_RAW DATA:_
########

Theorem mainTheorem10 (R : realFieldType) (alpha beta gamma : R) (lambda : nat)
  (halpha : alpha != 0) (n : nat) :
  genEuler lambda n alpha beta gamma
    = (-1) ^+ n * Apoly lambda (- (1 / 2)) n alpha (- beta) (- gamma)
  /\ genEuler lambda n alpha beta gamma
    = Apoly lambda (- (1 / 2)) n (- alpha) beta gamma.
Proof.
rewrite genEuler_gstirling // /Apoly; split.
  rewrite !opprK mulr_sumr; apply: eq_bigr => k _ /=.
  rewrite exprD (exprNn beta) -[(-1) ^+ n]signr_odd -[(-1) ^+ k]signr_odd.
  by case: (odd n); case: (odd k); rewrite /= ?expr0 ?expr1; ring.
apply: eq_bigr => k _; rewrite (gstirlingN _ _ _ (ltnSE (ltn_ord k))).
rewrite -[(-1) ^+ (n + k)]signr_odd.
by case: (odd _); rewrite /= ?expr0 ?expr1; ring.
Qed.
(* Assume $C(u,v)\equiv C>0$ for $u,v\in\{x,y\}$, $\beta=0$ and $\mu=1$. Then the system $\dot n^x=P(n^x,n^y)$, $\dot n^y=Q(n^x,n^y)$ has no fixed point in $(0,\infty)^2$, and for every initial condition in $(0,\infty)^2$ the solution converges to $(0,r(y)/C)$ if $S(y;x)>0$ and to $(r(x)/C,0)$ if $S(y;x)<0$, where here $S(y;x)=r(y)-r(x)+\alpha(y,x)=-S(x;y)$.
   Context: Let $r(x),r(y)>0$, $\alpha(u,v)=\tau(u,v)-\tau(v,u)$ with $\tau\ge0$, and $$P(u,v)=\Big(r(x)-Cu-Cv+\frac{\alpha(x,y)}{u+v}v\Big)u,\qquad Q(u,v)=\Big(r(y)-Cu-Cv-\frac{\alpha(x,y)}{u+v}u\Big)v.$$ In general the invasion fitness is $S(y;x)=r(y)-\frac{C(y,x)r(x)}{C(x,x)}+\frac{\alpha(y,x)r(x)}{\beta C(x,x)+\mu r(x)}$, which reduces to $r(y)-r(x)+\alpha(y,x)$ in this case. *)

From Stdlib Require Import Reals.
Open Scope R_scope.

(* alpha(u,v) = tau(u,v) - tau(v,u); txy = tau(x,y), tyx = tau(y,x). *)
Definition alpha (t_uv t_vu : R) : R := t_uv - t_vu.

(* Vector field with C(u,v) = C constant; a = alpha(x,y). *)
Definition Pf (rx C a : R) (u v : R) : R := (rx - C*u - C*v + a / (u + v) * v) * u.
Definition Qf (ry C a : R) (u v : R) : R := (ry - C*u - C*v - a / (u + v) * u) * v.

Definition S_gen (ry rx Cyx Cxx ayx beta mu : R) : R :=
  ry - Cyx * rx / Cxx + ayx * rx / (beta * Cxx + mu * rx).

Definition is_solution (F G : R -> R -> R) (nx ny : R -> R) : Prop :=
  (forall t, 0 < t ->
     derivable_pt_lim nx t (F (nx t) (ny t)) /\
     derivable_pt_lim ny t (G (nx t) (ny t))) /\
  (forall eps, 0 < eps -> exists delta, 0 < delta /\
     forall t, 0 <= t < delta ->
       Rabs (nx t - nx 0) < eps /\ Rabs (ny t - ny 0) < eps).

Definition conv_infty (f : R -> R) (l : R) : Prop :=
  forall eps, 0 < eps -> exists T, forall t, T <= t -> Rabs (f t - l) < eps.
(* Let $k$ be an odd positive integer and write $k=ff'$ with positive integers $f,f'$ such that $1<f<k$. If there exist coprime integers $x,y$ with $x^2-(k^2+1)y^2=f'^2$, then $f'$ is not a prime power (i.e. $f'$ is not of the form $p^a$ with $p$ prime and $a\ge 1$). *)

From Stdlib Require Import ZArith Znumtheory.
Open Scope Z_scope.

Definition is_prime_power (n : Z) : Prop :=
  exists p a : Z, prime p /\ 1 <= a /\ n = p ^ a.

From Stdlib Require Import ZArith Znumtheory Zpow_facts Zwf Lia.
Open Scope Z_scope.

(* Write D = k^2 + 1 and N(X, Y) = X^2 - D Y^2.  The key fact is a descent
   for this Pell form: if gcd(X, Y) = 1 and |N(X, Y)| <= k then
   |N(X, Y)| = 1.  Indeed the automorphism
     (X, Y) |-> (-k X + D Y, X - k Y)
   of the form (multiplication by the unit k - sqrt D) negates N, preserves
   coprimality and, when |N| <= k, strictly decreases |Y|; at Y = 0 the
   value of N is X^2 = 1.

   For the lemma, suppose f' = p^a.  If f' <= f then N(x, y) = f'^2 <= k,
   so f'^2 = 1, absurd.  If f < f', then p is odd (it divides the odd k) and
   (x - y)(x + y) = f'^2 (1 + f^2 y^2); as p cannot divide both factors,
   p^(2a) = f'^2 divides x - y' for y' = +-y.  Writing x - y' = t f'^2 one
   gets the coprime solution N(f^2 y' - t, t) = -f^2, and f^2 < f f' = k,
   so the descent forces f^2 = 1, contradicting f > 1. *)

Definition pell_norm (k X Y : Z) : Z := X ^ 2 - (k ^ 2 + 1) * Y ^ 2.

Lemma pell_norm_abs (k X Y : Z) : pell_norm k (Z.abs X) (Z.abs Y) = pell_norm k X Y.
Proof. unfold pell_norm; rewrite !Z.pow_2_r, !Z.abs_square; reflexivity. Qed.

Lemma gcd_one_transfer (X Y X' Y' : Z) :
  Z.gcd X Y = 1 ->
  (forall d, (d | X') -> (d | Y') -> (d | X) /\ (d | Y)) ->
  Z.gcd X' Y' = 1.
Proof.
  intros Hg Hdiv. apply Z.gcd_unique; [lia | apply Z.divide_1_l | apply Z.divide_1_l |].
  intros d H1 H2. destruct (Hdiv d H1 H2) as [HX HY].
  rewrite <- Hg. now apply Z.gcd_greatest.
Qed.

Section PellDescent.

Variable k : Z.
Hypothesis k_pos : 1 <= k.

Definition descend_X (X Y : Z) : Z := - k * X + (k ^ 2 + 1) * Y.
Definition descend_Y (X Y : Z) : Z := X - k * Y.

Lemma pell_norm_descend (X Y : Z) :
  pell_norm k (descend_X X Y) (descend_Y X Y) = - pell_norm k X Y.
Proof. unfold pell_norm, descend_X, descend_Y; ring. Qed.

(* The descent map is unimodular, so it preserves coprimality. *)
Lemma gcd_descend (X Y : Z) :
  Z.gcd X Y = 1 -> Z.gcd (descend_X X Y) (descend_Y X Y) = 1.
Proof.
  unfold descend_X, descend_Y. intros Hg. apply (gcd_one_transfer X Y); auto.
  intros d H1 H2.
  assert (HY : (d | Y)).
  { replace Y with ((- k * X + (k ^ 2 + 1) * Y) + k * (X - k * Y)) by ring.
    apply Z.divide_add_r; [exact H1 | now apply Z.divide_mul_r]. }
  split; [| exact HY].
  replace X with ((X - k * Y) + k * Y) by ring.
  apply Z.divide_add_r; [exact H2 | now apply Z.divide_mul_r].
Qed.

(* A nonnegative solution with Y > 0 and small norm has X within Y of k Y:
   otherwise |N| >= 2 k Y^2 - Y^2 > k. *)
Lemma descend_shrinks (X Y : Z) :
  0 <= X -> 0 < Y -> Z.abs (pell_norm k X Y) <= k ->
  Z.abs (descend_Y X Y) < Y.
Proof.
  unfold descend_Y, pell_norm. intros HX HY Hsmall.
  assert (HkY2 : k <= k * Y ^ 2) by nia.
  destruct (Z.le_gt_cases 0 (X - k * Y)).
  - rewrite Z.abs_eq by lia.
    destruct (Z.lt_ge_cases X ((k + 1) * Y)) as [| Hbig]; [lia | exfalso].
    assert (((k + 1) * Y) ^ 2 <= X ^ 2) by (apply Z.pow_le_mono_l; nia).
    assert (((k + 1) * Y) ^ 2 = (k ^ 2 + 1) * Y ^ 2 + 2 * (k * Y ^ 2)) by ring.
    lia.
  - rewrite Z.abs_neq by lia.
    destruct (Z.lt_ge_cases ((k - 1) * Y) X) as [| Hsmallx]; [lia | exfalso].
    assert (X ^ 2 <= ((k - 1) * Y) ^ 2) by (apply Z.pow_le_mono_l; lia).
    assert (((k - 1) * Y) ^ 2 = (k ^ 2 + 1) * Y ^ 2 - 2 * (k * Y ^ 2)) by ring.
    lia.
Qed.

Lemma small_pell_norm_is_unit_nonneg (Y : Z) : 0 <= Y -> forall X,
  Z.gcd X Y = 1 -> Z.abs (pell_norm k X Y) <= k -> Z.abs (pell_norm k X Y) = 1.
Proof.
  induction Y as [Y IH] using (well_founded_induction (Zwf_well_founded 0)).
  intros HY X Hg Hsmall.
  destruct (Z.eq_dec Y 0) as [-> | HYnz].
  - rewrite Z.gcd_0_r in Hg. unfold pell_norm.
    rewrite (Z.pow_even_abs X 2), Hg by (exists 1; reflexivity). now rewrite Z.mul_0_r.
  - rewrite <- (pell_norm_abs k X Y), (Z.abs_eq Y) in Hsmall |- * by exact HY.
    rewrite <- Z.gcd_abs_l in Hg.
    pose proof (descend_shrinks (Z.abs X) Y ltac:(lia) ltac:(lia) Hsmall) as Hlt.
    assert (Hnorm : pell_norm k (descend_X (Z.abs X) Y) (Z.abs (descend_Y (Z.abs X) Y))
                    = - pell_norm k (Z.abs X) Y).
    { rewrite <- pell_norm_abs, Z.abs_idemp, pell_norm_abs. apply pell_norm_descend. }
    rewrite <- (Z.abs_opp (pell_norm k _ _)), <- Hnorm in Hsmall |- *.
    apply (IH (Z.abs (descend_Y (Z.abs X) Y))); [unfold Zwf; lia | lia | | exact Hsmall].
    rewrite Z.gcd_abs_r. now apply gcd_descend.
Qed.

Lemma small_pell_norm_is_unit (X Y : Z) :
  Z.gcd X Y = 1 -> Z.abs (pell_norm k X Y) <= k -> Z.abs (pell_norm k X Y) = 1.
Proof.
  intros Hg Hsmall.
  assert (Habs : pell_norm k X (Z.abs Y) = pell_norm k X Y).
  { rewrite <- pell_norm_abs, Z.abs_idemp. apply pell_norm_abs. }
  rewrite <- Habs in Hsmall |- *. rewrite <- Z.gcd_abs_r in Hg.
  apply small_pell_norm_is_unit_nonneg; auto. lia.
Qed.

End PellDescent.

Lemma difference_of_squares (f f' x y : Z) :
  pell_norm (f * f') x y = f' ^ 2 ->
  (x - y) * (x + y) = f' ^ 2 * (1 + f ^ 2 * y ^ 2).
Proof. unfold pell_norm; intros HE. nia. Qed.

Lemma odd_prime_not_divides_both (p x y : Z) :
  prime p -> p <> 2 -> Z.gcd x y = 1 -> ~ (p | x - y) \/ ~ (p | x + y).
Proof.
  intros Hp Hp2 Hg.
  destruct (Zdivide_dec p (x - y)) as [Hm|Hm]; [|now left].
  destruct (Zdivide_dec p (x + y)) as [Hs|Hs]; [|now right].
  exfalso.
  assert (Hp1 : 1 < p) by (destruct Hp; auto).
  assert (Hp2n : ~ (p | 2)).
  { intro Hd. apply Z.divide_pos_le in Hd; lia. }
  assert (Hx : (p | x)).
  { assert (H2x : (p | 2 * x)).
    { replace (2 * x) with ((x - y) + (x + y)) by ring. now apply Z.divide_add_r. }
    destruct (prime_mult p Hp 2 x H2x); tauto. }
  assert (Hy : (p | y)).
  { assert (H2y : (p | 2 * y)).
    { replace (2 * y) with ((x + y) - (x - y)) by ring. now apply Z.divide_sub_r. }
    destruct (prime_mult p Hp 2 y H2y); tauto. }
  assert (Hd1 : (p | 1)) by (rewrite <- Hg; now apply Z.gcd_greatest).
  apply Z.divide_pos_le in Hd1; lia.
Qed.

Lemma odd_prime_power_divides_one_factor (p n x y : Z) :
  prime p -> p <> 2 -> 0 <= n -> Z.gcd x y = 1 -> (p ^ n | (x - y) * (x + y)) ->
  exists y', Z.abs y' = Z.abs y /\ (p ^ n | x - y').
Proof.
  intros Hp Hp2 Hn Hg Hdiv.
  assert (Hcop : forall u, ~ (p | u) -> rel_prime (p ^ n) u).
  { intros u Hu. apply rel_prime_sym, rel_prime_Zpower_r; [exact Hn |].
    now apply rel_prime_sym, prime_rel_prime. }
  destruct (odd_prime_not_divides_both p x y Hp Hp2 Hg) as [Hm | Hs].
  - exists (- y). split; [apply Z.abs_opp |].
    replace (x - - y) with (x + y) by ring.
    apply Gauss with (x - y); auto.
  - exists y. split; [reflexivity |].
    apply Gauss with (x + y); auto. now rewrite Z.mul_comm.
Qed.

Lemma descended_solution (f f' x y t : Z) :
  f' <> 0 -> Z.gcd x y = 1 -> pell_norm (f * f') x y = f' ^ 2 ->
  x - y = t * f' ^ 2 ->
  Z.gcd (f ^ 2 * y - t) t = 1 /\ pell_norm (f * f') (f ^ 2 * y - t) t = - f ^ 2.
Proof.
  intros Hf' Hg HE Ht.
  assert (Hcofactor : t * (x + y) = 1 + f ^ 2 * y ^ 2).
  { apply (Z.mul_reg_l _ _ (f' ^ 2)); [now apply Z.pow_nonzero |].
    rewrite <- (difference_of_squares f f' x y HE), Ht. ring. }
  split.
  - apply Z.gcd_unique; [lia | apply Z.divide_1_l | apply Z.divide_1_l |].
    intros d H1 H2.
    assert (Hd : (d | f ^ 2 * y)).
    { replace (f ^ 2 * y) with ((f ^ 2 * y - t) + t) by ring.
      now apply Z.divide_add_r. }
    assert (Hd2 : (d | 1 + f ^ 2 * y ^ 2)).
    { rewrite <- Hcofactor. now apply Z.divide_mul_l. }
    replace 1 with ((1 + f ^ 2 * y ^ 2) - (f ^ 2 * y) * y) by ring.
    apply Z.divide_sub_r; [exact Hd2 | now apply Z.divide_mul_l].
  - replace x with (y + t * f' ^ 2) in Hcofactor by lia.
    unfold pell_norm. nia.
Qed.

Lemma prime_divisor_of_odd (p m : Z) : Z.odd m = true -> (p | m) -> p <> 2.
Proof.
  intros Hodd [c Hc] ->. rewrite Hc, Z.odd_mul in Hodd. simpl in Hodd.
  now rewrite Bool.andb_false_r in Hodd.
Qed.

Theorem lemma3p3 (k f f' : Z) :
  0 < k -> Z.odd k = true ->
  0 < f -> 0 < f' -> k = f * f' -> 1 < f -> f < k ->
  (exists x y : Z, Z.gcd x y = 1 /\ x ^ 2 - (k ^ 2 + 1) * y ^ 2 = f' ^ 2) ->
  ~ is_prime_power f'.
Proof.
  intros Hk Hodd Hf Hf' Hkf Hf1 Hfk [x [y [Hg HE]]] [p [a [Hp [Ha Hpa]]]].
  fold (pell_norm k x y) in HE. subst k.
  assert (Hf'1 : 1 < f') by nia.
  destruct (Z.le_gt_cases f' f) as [Hle | Hlt].
  - (* f'^2 <= k is a small norm, hence f'^2 = 1. *)
    pose proof (small_pell_norm_is_unit (f * f') ltac:(lia) x y Hg) as Hunit.
    rewrite HE, Z.abs_eq in Hunit by nia. specialize (Hunit ltac:(nia)). nia.
  - (* f'^2 divides x - y' for y' = +-y; descend to a solution of norm -f^2. *)
    assert (Hp2 : p <> 2).
    { apply (prime_divisor_of_odd p (f * f') Hodd). apply Z.divide_mul_r.
      rewrite Hpa, <- (Z.sub_add 1 a), Z.pow_add_r, Z.pow_1_r by lia.
      apply Z.divide_mul_r, Z.divide_refl. }
    assert (Hsq : f' ^ 2 = p ^ (2 * a)) by (rewrite Hpa, <- Z.pow_mul_r; f_equal; lia).
    destruct (odd_prime_power_divides_one_factor p (2 * a) x y Hp Hp2 ltac:(lia) Hg)
      as [y' [Hy' [t Ht]]].
    { rewrite <- Hsq, (difference_of_squares f f' x y HE). apply Z.divide_mul_l, Z.divide_refl. }
    rewrite <- Hsq in Ht.
    rewrite <- Z.gcd_abs_r, <- Hy', Z.gcd_abs_r in Hg.
    rewrite <- pell_norm_abs, <- Hy', pell_norm_abs in HE.
    destruct (descended_solution f f' x y' t ltac:(lia) Hg HE Ht) as [Hg' HE'].
    pose proof (small_pell_norm_is_unit (f * f') ltac:(lia) _ _ Hg') as Hunit.
    rewrite HE', Z.abs_opp, Z.abs_eq in Hunit by nia. specialize (Hunit ltac:(nia)). nia.
Qed.
(* Let $f:\mathbb{R}^{d\times r}\to\mathbb{R}$ be a $\rho$-weakly convex function ($\rho\ge 0$), and suppose that $f$ is $L$-Lipschitz continuous on some bounded open convex set $\mathcal U\subseteq\mathbb{R}^{d\times r}$ containing $\mathcal M=\mathrm{St}(d,r)$. Then for every $\lambda\in\big(0,(\rho+3L)^{-1}\big)$, the proximal mapping $P_{\lambda f}$ is single-valued on $\mathcal M$, and for all $x,y\in\mathcal M$, $$\|P_{\lambda f}(x)-P_{\lambda f}(y)\|_F\le \frac{1}{1-\lambda(\rho+3L)}\,\|x-y\|_F .$$
   Context: $\mathcal M=\mathrm{St}(d,r)=\{x\in\mathbb{R}^{d\times r}: x^\top x=I_r\}$ with $d\ge r$, equipped with the Frobenius norm $\|\cdot\|_F$. A function $f$ is $\rho$-weakly convex if $f+\frac{\rho}{2}\|\cdot\|_F^2$ is convex. For $\lambda>0$ and $x\in\mathcal M$, the manifold Moreau envelope and proximal mapping are $f_\lambda(x)=\min_{y\in\mathcal M}\{f(y)+\frac{1}{2\lambda}\|y-x\|_F^2\}$ and $P_{\lambda f}(x)\in\arg\min_{y\in\mathcal M}\{f(y)+\frac{1}{2\lambda}\|y-x\|_F^2\}$ (a priori a set-valued mapping). *)

From HB Require Import structures.
From mathcomp Require Import all_boot all_order all_algebra.
From mathcomp Require Import reals.
Set Implicit Arguments. Unset Strict Implicit. Unset Printing Implicit Defensive.
Import Order.TTheory GRing.Theory Num.Theory.
Local Open Scope ring_scope.

Section Defs.
Variable R : realType.
Variables d r : nat.
Notation Mat := 'M[R]_(d, r).
(* Let $r\ge1$ and let $\mathcal R_{2r\times 2r}$ be the grid graph with vertex set $\{0,1,\dots,2r-1\}^2\subset\mathbf{Z}^2$ and edges between vertices at Euclidean distance $1$. Let $s_i$ denote the edge between $(i,i)$ and $(i+1,i)$, for $i=0,1,\dots,r-1$ (the ''step-diagonal'' edges). If $G$ is obtained from $\mathcal R_{2r\times 2r}$ by deleting any $k$ of the edges $s_0,\dots,s_{r-1}$ (keeping all vertices), then $2^{r-k}$ divides $m_G$.
   Context: $m_G$ denotes the number of perfect matchings of the graph $G$. *)

From mathcomp Require Import all_boot.
Set Implicit Arguments. Unset Strict Implicit. Unset Printing Implicit Defensive.

(* A (finite simple) graph on a finType V is given by its edge set,
   a set of 2-element subsets of V. *)

Definition perfect_matching (V : finType) (E M : {set {set V}}) : bool :=
  (M \subset E) && [forall v : V, #|[set e in M | v \in e]| == 1].

Definition num_pm (V : finType) (E : {set {set V}}) : nat :=
  #|[set M : {set {set V}} | perfect_matching E M]|.

Definition gridV (r : nat) : finType := ('I_(r.*2) * 'I_(r.*2))%type.

Definition grid_adj (r : nat) (u v : gridV r) : bool :=
  ((u.1 == v.1) && ((u.2.+1 == v.2 :> nat) || (v.2.+1 == u.2 :> nat)))
  || ((u.2 == v.2) && ((u.1.+1 == v.1 :> nat) || (v.1.+1 == u.1 :> nat))).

########

_EXERCISE DESCRIPTION:_ Show the lines above that have the word "Gauss".

_PROBLEM SOLUTION:_
    apply Gauss with (x - y); auto.
    apply Gauss with (x + y); auto. now rewrite Z.mul_comm.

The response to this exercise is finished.